The porosity of the porous transport layer (PTL) critically governs liquid/gas transport efficiency. While conventional PEMWEs employ uniformly distributed high-porosity metal foams, spatially graded PTLs have emerged to enhance performance. This study investigates porosity effects (0.3–0.8) as a key sensitivity parameter. Figure 9 shows polarization curves at ε = 0.3, 0.5, and 0.8. At lower current densities, the influence of PTL porosity on voltage is not significant. When the current density increases from 0.25 A/cm2 to 1.25 A/cm2, the increase in working voltage is not obvious. Compared to the low-current-density region, at higher current densities, the influence of PTL porosity on the working voltage becomes more significant. When the current density is 1.25 A/cm2, increasing the PTL porosity from 0.3 to 0.8 results in a 8.5% increase in working voltage. When the current density is 2.5 A/cm2, the working voltage increases by approximately 0.4 V, which indicates performance degradation with rising porosity. Higher porosity increases ionic resistance through extended conduction paths, yet facilitates reactant diffusion. Structural instability risks also arise at extreme porosity. Optimal porosity must therefore balance ionic resistance against mass transport efficiency and mechanical stability. In practical engineering applications, the determination of the optimal operating point requires a trade-off between instantaneous efficiency and long-term durability. Future work should combine the performance optimization framework of this paper with the physical membrane degradation model to conduct a full life cycle cost analysis.
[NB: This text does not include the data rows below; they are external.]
Lemma sym_span_Tspace d : (0 < d)%N -> is_Tspace (sym_span d).
Proof.
move=> d0; split.
  split=> [f [] // | ]; split; first by split=> [|P []]; [exact: in_k0X0 |].
  split=> [f g [kf Pf] [kg Pg] | a f [kf Pf]]; rewrite ?paddE ?pscaleE.
    split=> [|P hP]; first exact: in_k0XD kf kg.
    by case: (hP) => _ PD _ _; apply: PD; [apply: Pf | apply: Pg].
  split=> [|P hP]; first by apply: in_k0XMr kf; exact: fin_supp_cst.
  by case: (hP) => _ _ PZ _; apply: PZ; apply: Pf.
move=> phi f phi_endo [kf Pf]; have [phi_k0 [phiD _]] := phi_endo.
split=> [|P [P0 PD PZ Psym]]; first exact: phi_k0.
suff : in_k0X f /\ P (phi f) by case.
apply: (Pf (fun g => in_k0X g /\ P (phi g))); split.
- by split; [exact: in_k0X0 | rewrite endo0].
- move=> g h [kg Pg] [kh Ph]; split; first exact: in_k0XD kg kh.
  by rewrite -paddE phiD //; apply: PD.
- move=> a g [kg Pg]; split; first by apply: in_k0XMr kg; exact: fin_supp_cst.
  by rewrite endo_cst //; apply: PZ.
move=> c kc; split; first by apply: sym_k0; rewrite ?size_iota.
by rewrite endo_sym ?size_iota //; apply: Psym => l; apply: phi_k0.
Qed.

Lemma Sd1_ind d (P : R -> Prop) : (0 < d)%N -> sym_closed d P ->
  forall f, Sd1 d f -> P f.
Proof.
move=> d0 hP f Sf; have [_ ] : sym_span d f; last by apply.
apply: Sf (sym_span_Tspace d0) _ => _ ->; split; first exact: Sd_k0.
by move=> Q [_ _ _ Qsym]; rewrite Sd_sym; apply: Qsym; exact: letter_k0.
Qed.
3.3. Hydrogen Production Analysis and Efficiency Evaluation

As shown in Table 3,under high-temperature operating conditions, as the temperature is progressively increased from 353 K to 363 K, a notable phenomenon is the decreasing trend observed in the PEMEC operating voltage. Although no significant change was observed in hydrogen production output—with both temperature conditions maintaining a stable hydrogen production rate—the system efficiency significantly increased from 82.3% to 84.7%. This leap in efficiency is primarily attributed to the weakening of the ohmic polarization effect under high temperatures, which facilitates smoother current transmission through the electrolyte and consequently reduces energy loss.
Switching to low-temperature operating conditions, taking 323 K as an example, although the hydrogen production rate remained high at 252.0 g/h, the current density reached as high as 2.5 A/cm2, while the energy efficiency dropped substantially to 62.1%. This phenomenon occurs because, in low-temperature environments, the concentration polarization effect intensifies significantly. This leads to an increased concentration gradient of reactants near the electrode surface, which in turn adversely affects the reaction rate and energy conversion efficiency. Concentration polarization acts as a major bottleneck in low-temperature operation, severely constraining the energy efficiency performance of the PEMEC.
In high-pressure operation scenarios, using 3000 kPa as an example, although the hydrogen production rate is relatively low at only 151.2 g/h, the hydrogen gas produced under these conditions holds potential for direct use in downstream processes such as ammonia synthesis. High-pressure operation not only benefits hydrogen storage and transportation but can also significantly reduce the integrated energy consumption of the entire green ammonia production system, thereby enhancing overall energy utilization efficiency.
Furthermore, the thickness of the proton exchange membrane also significantly impacts the hydrogen production and efficiency of the PEMEC. Experimental results indicate that using a thinner proton exchange membrane can effectively enhance both the hydrogen production rate and energy efficiency. This benefit mainly stems from the reduced ionic transport resistance offered by the thinner membrane structure, which promotes the rapid diffusion of reactants and products, thereby improving the overall performance of the electrolyzer.
During the optimization of operating parameters, under conditions of low porosity, especially during high-current-density operation, the concentration polarization phenomenon is effectively mitigated, allowing energy efficiency to be maintained at a high level. However, it is noteworthy that in the low-current-density region, limitations in mass transfer may lead to insufficient local reactant concentration, which can subsequently affect the hydrogen production rate and energy efficiency.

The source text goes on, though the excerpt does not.